You Have Accepted Another Job Offer
If you have accepted another job offer, it’s only fair that you inform the other hiring manager of your decision. But before you send that email or call the HR team, be sure of your decision. Also, keep in mind that the recruiter can revoke the interview due to various reasons such as unexpected budget constraints or restructuring. That’s why it’s only wise to decline interviews without burning bridges.
You’re Okay With Your Current Job
If you’re satisfied with your current job and there’s no chance of leaving, it may be best to turn down the interview as soon as possible to avoid wasting anyone’s time, including your own.
The Role Isn’t a Good Fit
There are times when you might apply for a job thinking it’s a good fit only to realize the responsibilities don’t align with what you want. In that case, it’s best to cancel the interview to avoid wasting the recruiter’s time.
The Company Has a Bad Reputation
It’s good to research a company before an interview. If you find negative information about the company, take note of it but do more research. An anonymous online platform might exaggerate the story or be biased. But if you know a colleague, friend or relative who worked there and had a bad experience, that may be a good reason to reject the interview.
How to decline an Interview?
Now that you know it’s not unprofessional to turn down a job interview, and there are legit reasons to decline one, you need to figure out how to do so professionally. Outlined below are a few pointers on how to frame your communication on this.
There are several reasons to turn down an interview invitation, but whatever the reason, you have to be sure of that decision. Take time to consider your reasons because it could be just fear or anxiety. Make sure you’re declining the invite for a good reason to avoid future regrets.
Once you decline an interview, avoid telling lies to the recruiter. You might need them in the future, and if you made the wrong impression, then your goose is as good as cooked.
Suggest Another Candidate if Possible
If the company’s reputation is high, you can refer anyone interested in that position. By helping a friend, you also gain trust with the recruiter while expanding your job network.
Though you should take time to decide, you must let the recruiter know your decision as soon as possible. Respect the opportunity given to avoid wasting the time that could be used filling the position.
Keep It Vague
Your email should be sincere and concise. Don’t get into the details of your decision. Citing a reason could be seen as inconsiderate, which can destroy your chances of being employed in that organization in the future. Furthermore, you may end up sharing too much unnecessary information.

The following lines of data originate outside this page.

(* Let $g\geqslant0$ be even. With respect to the lexicographic monomial order with $\alpha>\gamma$, the set \[\{\zeta^-_g,\ \gamma\zeta^-_{g-2},\ \gamma^2\zeta^-_{g-4},\ \ldots,\ \gamma^{g/2-1}\zeta^-_2,\ \gamma^{g/2}\}\] is a Gröbner basis for the ideal $J_g^-=J_{g+1}^-$. Consequently, the initial ideal of $J_g^-$ is generated by the monomials $\gamma^i\alpha^{g-2i}$, $0\leqslant i\leqslant g/2$, and the monomials $\alpha^a\gamma^c$ with $0\leqslant c<g/2$ and $0\leqslant a<g-2c$ represent a vector space basis of $\mathbb{C}[\alpha,\gamma]/J_g^-$.
   Context: $\zeta_k^-\in\mathbb{C}[\alpha,\gamma]$: $\zeta^-_i=0$ for $i<0$, $\zeta^-_0=1$, $\zeta^-_{k+1}=\alpha\zeta^-_k-16k^2\zeta^-_{k-1}+2k(k-1)\gamma\zeta^-_{k-2}$ for $k$ odd and $\zeta^-_{k+1}=\alpha\zeta^-_k+2k(k-1)\gamma\zeta^-_{k-2}$ for $k$ even ($k\geqslant0$); $J^-_k=(\zeta^-_k,\zeta^-_{k+1},\zeta^-_{k+2})$. *)

(* C[alpha,gamma] is modelled as {poly {poly F}}:
   polynomials in alpha ('X) whose coefficients are polynomials in gamma. *)
From mathcomp Require Import all_boot all_order all_algebra.
From mathcomp Require Import reals complex.
Set Implicit Arguments. Unset Strict Implicit. Unset Printing Implicit Defensive.
Import Order.TTheory GRing.Theory Num.Theory.
Local Open Scope ring_scope.

Section Defs.
Variable F : fieldType.
Local Notation P := {poly {poly F}}.

Definition alpha : P := 'X.
Definition gamma : P := ('X)%:P.

Definition mono (m : nat * nat) : P := alpha ^+ m.1 * gamma ^+ m.2.

Definition coefm (p : P) (m : nat * nat) : F := (p`_m.1)`_m.2.

Definition lex_le (m m' : nat * nat) : bool :=
  (m.1 < m'.1)%N || ((m.1 == m'.1) && (m.2 <= m'.2)%N).

Definition is_lead_mono (p : P) (m : nat * nat) : Prop :=
  coefm p m != 0 /\ forall m', coefm p m' != 0 -> lex_le m' m.

Definition mono_dvd (m m' : nat * nat) : bool := (m.1 <= m'.1)%N && (m.2 <= m'.2)%N.

Definition ideal_gen (S : P -> Prop) (p : P) : Prop :=
  exists (n : nat) (g c : 'I_n -> P), (forall i, S (g i)) /\ p = \sum_(i < n) c i * g i.

Definition is_groebner_basis (G I : P -> Prop) : Prop :=
  (forall g, G g -> I g) /\
  (forall f, I f -> f != 0 -> forall m, is_lead_mono f m ->
     exists g, G g /\ exists mg, is_lead_mono g mg /\ mono_dvd mg m).

Definition initial_ideal (I : P -> Prop) : P -> Prop :=
  ideal_gen (fun q => exists f, I f /\ f != 0 /\
                        exists m, is_lead_mono f m /\ q = mono m).

Definition quotient_basis (I : P -> Prop) (B : seq (nat * nat)) : Prop :=
  uniq B /\
  (forall p : P, exists lam : nat * nat -> F,
      I (p - \sum_(m <- B) (lam m)%:P%:P * mono m)) /\
  (forall lam : nat * nat -> F,
      I (\sum_(m <- B) (lam m)%:P%:P * mono m) -> forall m, m \in B -> lam m = 0).

(* zeta_aux k = (zeta_k, zeta_{k-1}, zeta_{k-2}), with zeta_i = 0 for i < 0 *)
Fixpoint zeta_aux (k : nat) : P * P * P :=
  match k with
  | 0%N => (1, 0, 0)
  | k'.+1 =>
      let: (a, b, c) := zeta_aux k' in
      (alpha * a - (if odd k' then (16 * k' ^ 2)%N%:R * b else 0)
                 + (2 * k' * (k' - 1))%N%:R * gamma * c, a, b)
  end.

Definition zeta (k : nat) : P := (zeta_aux k).1.1.

Definition Jm (k : nat) : P -> Prop :=
  ideal_gen (fun p => p = zeta k \/ p = zeta k.+1 \/ p = zeta k.+2).

End Defs.

(* Write h_j = gamma^j zeta_(2n-2j).  For even k the recurrence gives
     zeta_(k+2) = (alpha^2 - 16(k+1)^2) zeta_k + 4k^2 alpha gamma zeta_(k-2)
                  + 4(k+1)k(k-2)(k-3) gamma^2 zeta_(k-4),
   so J_2n is generated by h_0, ..., h_n (with h_n = gamma^n), and the leading monomial of h_j
   is alpha^(2n-2j) gamma^j.  Dividing by the monic zeta_2n in alpha and recursing on the part
   divisible by gamma reduces every polynomial modulo this ideal to one supported on the
   staircase {alpha^a gamma^c : c < n, a < 2n - 2c}, and setting gamma = 0 shows that no nonzero
   element of the ideal is supported there.

   The inclusion J_2n <= J_(2n+1) amounts to h_0 in J_(2n+1).  Modulo J_(2n+1) every gamma h_j
   vanishes, so the recurrence becomes (alpha^2 - l_j) h_j + d_j alpha h_(j+1) + e_j h_(j+2) = 0
   for 1 <= j <= n, with distinct l_j = 16(2n-2j+1)^2, while zeta_(2n+1) and zeta_(2n+2) give two
   relations between h_0, h_1, h_2.  Hence prod_j (alpha^2 - l_j) h_0 = 0, and the factors
   alpha -+ sqrt l_p are removed one at a time: where alpha acts as th = +-sqrt l_p, the
   recurrence makes th^t h_(p-t) a positive multiple w_t h_p of h_p, and the two relations then
   force a positive multiple of h_p, hence every h_j, into J_(2n+1). *)

From mathcomp Require Import all_boot all_order all_algebra.
From mathcomp Require Import reals complex.
From mathcomp Require Import ring zify.
Set Implicit Arguments. Unset Strict Implicit. Unset Printing Implicit Defensive.
Import Order.TTheory GRing.Theory Num.Theory.
Local Open Scope ring_scope.

Section IdealGen.
Variable F : fieldType.
Implicit Types (S T D : {poly {poly F}} -> Prop) (p q c : {poly {poly F}}).

Lemma ideal_gen0 S : ideal_gen S 0.
Proof. by exists 0%N, (fun _ => 0), (fun _ => 0); split => [[]//|]; rewrite big_ord0. Qed.

Lemma ideal_gen_mem S p : S p -> ideal_gen S p.
Proof.
by move=> Sp; exists 1%N, (fun _ => p), (fun _ => 1); rewrite big_ord1 mul1r.
Qed.

Lemma ideal_genD S p q : ideal_gen S p -> ideal_gen S q -> ideal_gen S (p + q).
Proof.
move=> [m [g [c [Sg ->]]]] [m' [g' [c' [Sg' ->]]]].
pose pick (X : Type) (f : 'I_m -> X) (f' : 'I_m' -> X) i :=
  match split i with inl j => f j | inr j => f' j end.
exists (m + m')%N, (pick _ g g'), (pick _ c c'); split.
  by move=> i; rewrite /pick; case: (split i).
rewrite big_split_ord; congr (_ + _); apply: eq_bigr => i _.
  by rewrite /pick -[lshift _ _]/(unsplit (inl i)) unsplitK.
by rewrite /pick -[rshift _ _]/(unsplit (inr i)) unsplitK.
Qed.

Lemma ideal_genMl S c p : ideal_gen S p -> ideal_gen S (c * p).
Proof.
move=> [m [g [d [Sg ->]]]]; exists m, g, (fun i => c * d i); split => //.
by rewrite mulr_sumr; apply: eq_bigr => i _; rewrite mulrA.
Qed.

Lemma ideal_genN S p : ideal_gen S p -> ideal_gen S (- p).
Proof. by rewrite -mulN1r; apply: ideal_genMl. Qed.

Lemma ideal_genB S p q : ideal_gen S p -> ideal_gen S q -> ideal_gen S (p - q).
Proof. by move=> Sp Sq; apply: ideal_genD Sp (ideal_genN Sq). Qed.

Lemma ideal_gen_ind S D :
  D 0 -> (forall p q, D p -> D q -> D (p + q)) -> (forall c p, D p -> D (c * p)) ->
  (forall p, S p -> D p) -> forall p, ideal_gen S p -> D p.
Proof.
move=> D0 DD DM DS _ [m [g [c [Sg ->]]]].
elim/big_rec: _ => // i p _ Dp; exact/DD/Dp/DM/DS.
Qed.

Lemma ideal_gen_sub S T :
  (forall q, S q -> ideal_gen T q) -> forall p, ideal_gen S p -> ideal_gen T p.
Proof.
move=> ST; apply: ideal_gen_ind => //; [exact: ideal_gen0 | exact: ideal_genD |].
exact: ideal_genMl.
Qed.

Lemma ideal_gen_scale S (a : F) p : a != 0 -> ideal_gen S (a%:P%:P * p) -> ideal_gen S p.
Proof.
move=> a0 /(ideal_genMl (a^-1)%:P%:P).
by rewrite mulrA -!polyCM mulVf // mul1r.
Qed.

End IdealGen.

Section Zeta.
Variable F : fieldType.
Local Notation al := (alpha F).
Local Notation ga := (gamma F).
Local Notation z := (zeta F).

Lemma zeta_auxSS k : zeta_aux F k.+2 = (z k.+2, z k.+1, z k).
Proof.
rewrite /zeta /= -/(zeta_aux F k).
by case: (zeta_aux F k) => [[a b] c].
Qed.

Lemma zeta0 : z 0 = 1. Proof. by []. Qed.

Lemma zeta1 : z 1 = al.
Proof. by rewrite /zeta /= mulr1 subr0 mul0r mulr0 addr0. Qed.

Lemma zeta2 : z 2 = al ^+ 2 - 16.
Proof. by rewrite /zeta /= !mulr0 addr0 subr0 addr0 !mulr1 exp1n muln1 expr2. Qed.

Lemma zetaSSS k : z k.+3 = al * z k.+2
  - (if odd k then (16 * k.+2 ^ 2)%N%:R * z k.+1 else 0)
  + (2 * k.+2 * k.+1)%N%:R * ga * z k.
Proof.
rewrite {1}/zeta /= -/(zeta_aux F k.+2) zeta_auxSS /=.
by case: (odd k); rewrite ?subn1.
Qed.

Lemma zeta_evenS k : ~~ odd k ->
  z k.+1 = al * z k + (2 * k * (k - 1))%N%:R * ga * z (k - 2).
Proof.
case: k => [_|[//|k]]; first by rewrite zeta1 zeta0 mul0r mul0r addr0 mulr1.
by rewrite /= negbK => /negbTE ok; rewrite zetaSSS ok subr0 !subSS !subn0.
Qed.

Lemma zeta_evenSS k : ~~ odd k -> z k.+2 =
  al * z k.+1 - (16 * k.+1 ^ 2)%N%:R * z k + (2 * k.+1 * k)%N%:R * ga * z (k - 1).
Proof.
case: k => [_|[//|k]].
  by rewrite zeta2 zeta1 zeta0 muln0 !mul0r addr0 mulr1 expr2.
by rewrite /= negbK => /negbTE ok; rewrite zetaSSS /= ok !subSS subn0.
Qed.

Lemma zeta_even_rec k : ~~ odd k -> z k.+2 =
    (al ^+ 2 - (16 * k.+1 ^ 2)%N%:R) * z k + (4 * k ^ 2)%N%:R * al * ga * z (k - 2)
  + (4 * k.+1 * k * (k - 2) * (k - 3))%N%:R * ga ^+ 2 * z (k - 4).
Proof.
move=> ok; rewrite zeta_evenSS // zeta_evenS //.
case: k ok => [_|[//|k] ok]; first by rewrite !natrM; ring.
have ok' : ~~ odd k by move: ok; rewrite /= negbK.
rewrite !subSS !subn0 (zeta_evenS ok') !natrM; ring.
Qed.

Lemma size_zeta_monic k : size (z k) = k.+1 /\ z k \is monic.
Proof.
elim/ltn_ind: k => -[|[|[|k]]] IH.
- by rewrite zeta0 size_poly1 monic1.
- by rewrite zeta1 size_polyX monicX.
- rewrite zeta2 -polyC_natr; split; first by rewrite size_XnsubC.
  exact: monicXnsubC.
have [s0 _] := IH k (ltnW (ltnW (ltnSn _))).
have [s1 _] := IH k.+1 (ltnW (ltnSn _)).
have [s2 m2] := IH k.+2 (ltnSn _).
have sXz : size (al * z k.+2) = k.+4.
  by rewrite /alpha size_monicM ?monicX ?size_polyX ?s2 // -size_poly_eq0 s2.
rewrite zetaSSS -addrA [X in al * _ + X]addrC.
set r := (X in al * _ + X).
have low : (size r < k.+4)%N.
  rewrite (leq_ltn_trans (size_add _ _)) // gtn_max -mulrA -!polyC_natr !mul_polyC.
  apply/andP; split.
    by do 2 apply: leq_ltn_trans (size_scale_leq _ _) _; rewrite s0; lia.
  case: ifP => _; last by rewrite oppr0 size_poly0.
  by rewrite size_opp (leq_ltn_trans (size_scale_leq _ _)) // s1.
rewrite -sXz in low; rewrite size_addl // sXz; split => //.
by rewrite monicE lead_coefDl // -monicE monicMl // monicX.
Qed.

Lemma size_zeta k : size (z k) = k.+1.
Proof. by case: (size_zeta_monic k). Qed.

Lemma zeta_monic k : z k \is monic.
Proof. by case: (size_zeta_monic k). Qed.

End Zeta.

Section StaircaseIdeal.
Variable F : fieldType.
Local Notation P := {poly {poly F}}.
Local Notation ga := (gamma F).
Local Notation z := (zeta F).

Definition gb_elt n j : P := ga ^+ j * z (2 * n - 2 * j).

Definition gb_ideal n : P -> Prop :=
  ideal_gen (fun p => exists2 j, (j <= n)%N & p = gb_elt n j).

Lemma gb_elt0 n : gb_elt n 0 = z (2 * n).
Proof. by rewrite /gb_elt mul1r muln0 subn0. Qed.

Lemma gb_eltnn n : gb_elt n n = ga ^+ n.
Proof. by rewrite /gb_elt subnn mulr1. Qed.

Lemma gb_eltSS n j : gb_elt n.+1 j.+1 = ga * gb_elt n j.
Proof. by rewrite /gb_elt mulrA -exprS mulnS mulnS subSS. Qed.

Lemma gb_elt_mem n j : gb_ideal n (gb_elt n j).
Proof.
have [jn|nj] := leqP j n; first by apply: ideal_gen_mem; exists j.
have -> : gb_elt n j = ga ^+ (j - n) * gb_elt n n.
  by rewrite /gb_elt mulrA -exprD subnK ?(ltnW nj) // !subnn; congr (_ * z _); lia.
by apply/ideal_genMl/ideal_gen_mem; exists n.
Qed.

Lemma gb_ideal0 p : gb_ideal 0 p.
Proof.
by rewrite -[p]mulr1 -(expr0 ga) -gb_eltnn; apply/ideal_genMl/gb_elt_mem.
Qed.

Lemma gb_ideal_gammaM n p : gb_ideal n p -> gb_ideal n.+1 (ga * p).
Proof.
move: p; apply: ideal_gen_ind => [|p q|c p|_ [j _ ->]].
- by rewrite mulr0; apply: ideal_gen0.
- by rewrite mulrDr; apply: ideal_genD.
- by rewrite mulrCA; apply: ideal_genMl.
- by rewrite -gb_eltSS; apply: gb_elt_mem.
Qed.

Lemma gb_ideal_zeta n : gb_ideal n (z (2 * n).+2).
Proof.
have e1 : ga * z (2 * n - 2) = gb_elt n 1 by rewrite /gb_elt muln1.
have e2 : ga * (ga * z (2 * n - 4)) = gb_elt n 2 by rewrite mulrA.
rewrite zeta_even_rec ?oddM // -!mulrA e1 e2 -gb_elt0.
by do 2?apply: ideal_genD; do ?[exact: gb_elt_mem | apply: ideal_genMl].
Qed.

Lemma gb_idealS_decomp n p : gb_ideal n.+1 p ->
  exists a q, gb_ideal n q /\ p = a * z (2 * n).+2 + ga * q.
Proof.
move: p; apply: ideal_gen_ind.
- by exists 0, 0; split; [apply: ideal_gen0 | rewrite mul0r mulr0 addr0].
- move=> _ _ [a [q [Kq ->]]] [a' [q' [Kq' ->]]].
  exists (a + a'), (q + q'); split; first exact: ideal_genD.
  by rewrite mulrDl mulrDr addrACA.
- move=> c _ [a [q [Kq ->]]]; exists (c * a), (c * q); split; first exact: ideal_genMl.
  by rewrite mulrDr !mulrA [c * ga]mulrC.
- move=> _ [[|j] jn ->].
    by exists 1, 0; rewrite gb_elt0 mul1r mulr0 addr0 mulnS; split => //; apply: ideal_gen0.
  by exists 0, (gb_elt n j); rewrite mul0r add0r gb_eltSS; split => //; apply: gb_elt_mem.
Qed.

End StaircaseIdeal.

Arguments gb_elt {F}.
Arguments gb_ideal {F}.

Lemma size_map_poly_leq (R S : nzSemiRingType) (f : R -> S) (p : {poly R}) :
  f 0 = 0 -> (size (map_poly f p) <= size p)%N.
Proof. by move=> f0; apply/leq_sizeP => j pj; rewrite coef_map_id0 // nth_default. Qed.

Section NormalForm.
Variable F : fieldType.
Local Notation P := {poly {poly F}}.
Local Notation ga := (gamma F).
Local Notation z := (zeta F).
Implicit Types (p q : P) (m : nat * nat).

Lemma coefm_inj p q : (forall m, coefm p m = coefm q m) -> p = q.
Proof. by move=> e; apply/polyP => a; apply/polyP => c; apply: (e (a, c)). Qed.

Lemma coefm0 m : coefm (0 : P) m = 0.
Proof. by rewrite /coefm !coef0. Qed.

Lemma coefmD p q m : coefm (p + q) m = coefm p m + coefm q m.
Proof. by rewrite /coefm !coefD. Qed.

Lemma coefm_size p a c : (size p <= a)%N -> coefm p (a, c) = 0.
Proof. by move=> /leq_sizeP pa; rewrite /coefm pa // coef0. Qed.

Lemma coefm_gammaXM k p a c :
  coefm (ga ^+ k * p) (a, c) = if (c < k)%N then 0 else coefm p (a, (c - k)%N).
Proof. by rewrite /coefm /gamma -rmorphXn coefCM coefXnM. Qed.

Lemma coefm_gammaM p a c :
  coefm (ga * p) (a, c) = if c is c'.+1 then coefm p (a, c') else 0.
Proof. by rewrite -[ga]expr1 coefm_gammaXM; case: c => //= c; rewrite subn1. Qed.

Lemma coefm_polyCmono (x : F) m m' : coefm (x%:P%:P * mono F m) m' = x * (m' == m)%:R.
Proof.
case: m m' => a c [a' c'].
rewrite /coefm /mono /alpha /gamma /= -rmorphXn coefCM coefMC coefXn coefCM.
by rewrite xpair_eqE; case: (a' == a); rewrite /= ?mul1r ?mul0r ?coefXn ?coef0.
Qed.

Definition at_gamma0 p : {poly F} := map_poly (horner_eval 0) p.
Definition div_gamma p : P := map_poly (drop_poly 1) p.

Templates on How to Decline an Interview
If you’re wondering what to write to the employer, here are two templates that you can personalize to fit the message.
Template 1: Commending Another Candidate
Dear [Company Contact],
I sincerely appreciate the opportunity to interview for (job title). I appreciate your consideration and time.
Unfortunately, I regret that I must decline the opportunity at this time due to unavoidable circumstances.
However, my colleague, [First and Last Name], would be a good fit for this position. You can reach them via email at (email address) or through (phone number.)
All the best, and I hope we get another chance to work together.
[First and Last Name]
Template 2: Withdrawal Application
Thank you so much for considering me for the (Job title) position. Unfortunately, I have decided to pursue another opportunity. Wishing you all the best and hope you find a suitable candidate for the job.
[First and Last Name]
OUR INTERVIEW CHECKLIST WILL MAKE SURE YOU DON’T MISS ANYTHING
There are many scenarios that can occur while declining an interview. Let us look at some common scenarios and tips on how to handle each of those scenarios. While I have covered the most common scenarios, you should remember that there’s no one-size-fits-all approach that you can use to get out of the situation. Please use this as a broad framework based on which you can customise your response to your individual situation.
Common Scenarios & how to handle them
How to Decline an Interview Last Minute
If you want to cancel an interview last minute, it would be best to call the hiring manager first and then follow up with an email. That way, you can be sure they got the message.
How to Turn Down a Job Interview but Keep the Door Open
If you have decided to turn down an interview for now but would like to keep the door open, it would be good that you communicate that to the recruiter. Let them know that you’re declining the opportunity for now but would like to work with them in the future, especially if the reason preventing you from attending the interview is temporary.
How to Decline an Interview for a Promotion
If you have turned down an interview due to a promotion, it means you have decided to stay in your current job. When informing the interviewer, let them know that you have decided to stay in your current job for now. However, if a higher position arises in the future, you would appreciate being considered.
How to Decline an Interview Due to Low Salary
You can do this by respectfully telling the recruiter you would be glad to work with them, but the pay is not enough to sustain you for now. They will understand because, after all, you were most likely switching jobs to find greener pastures.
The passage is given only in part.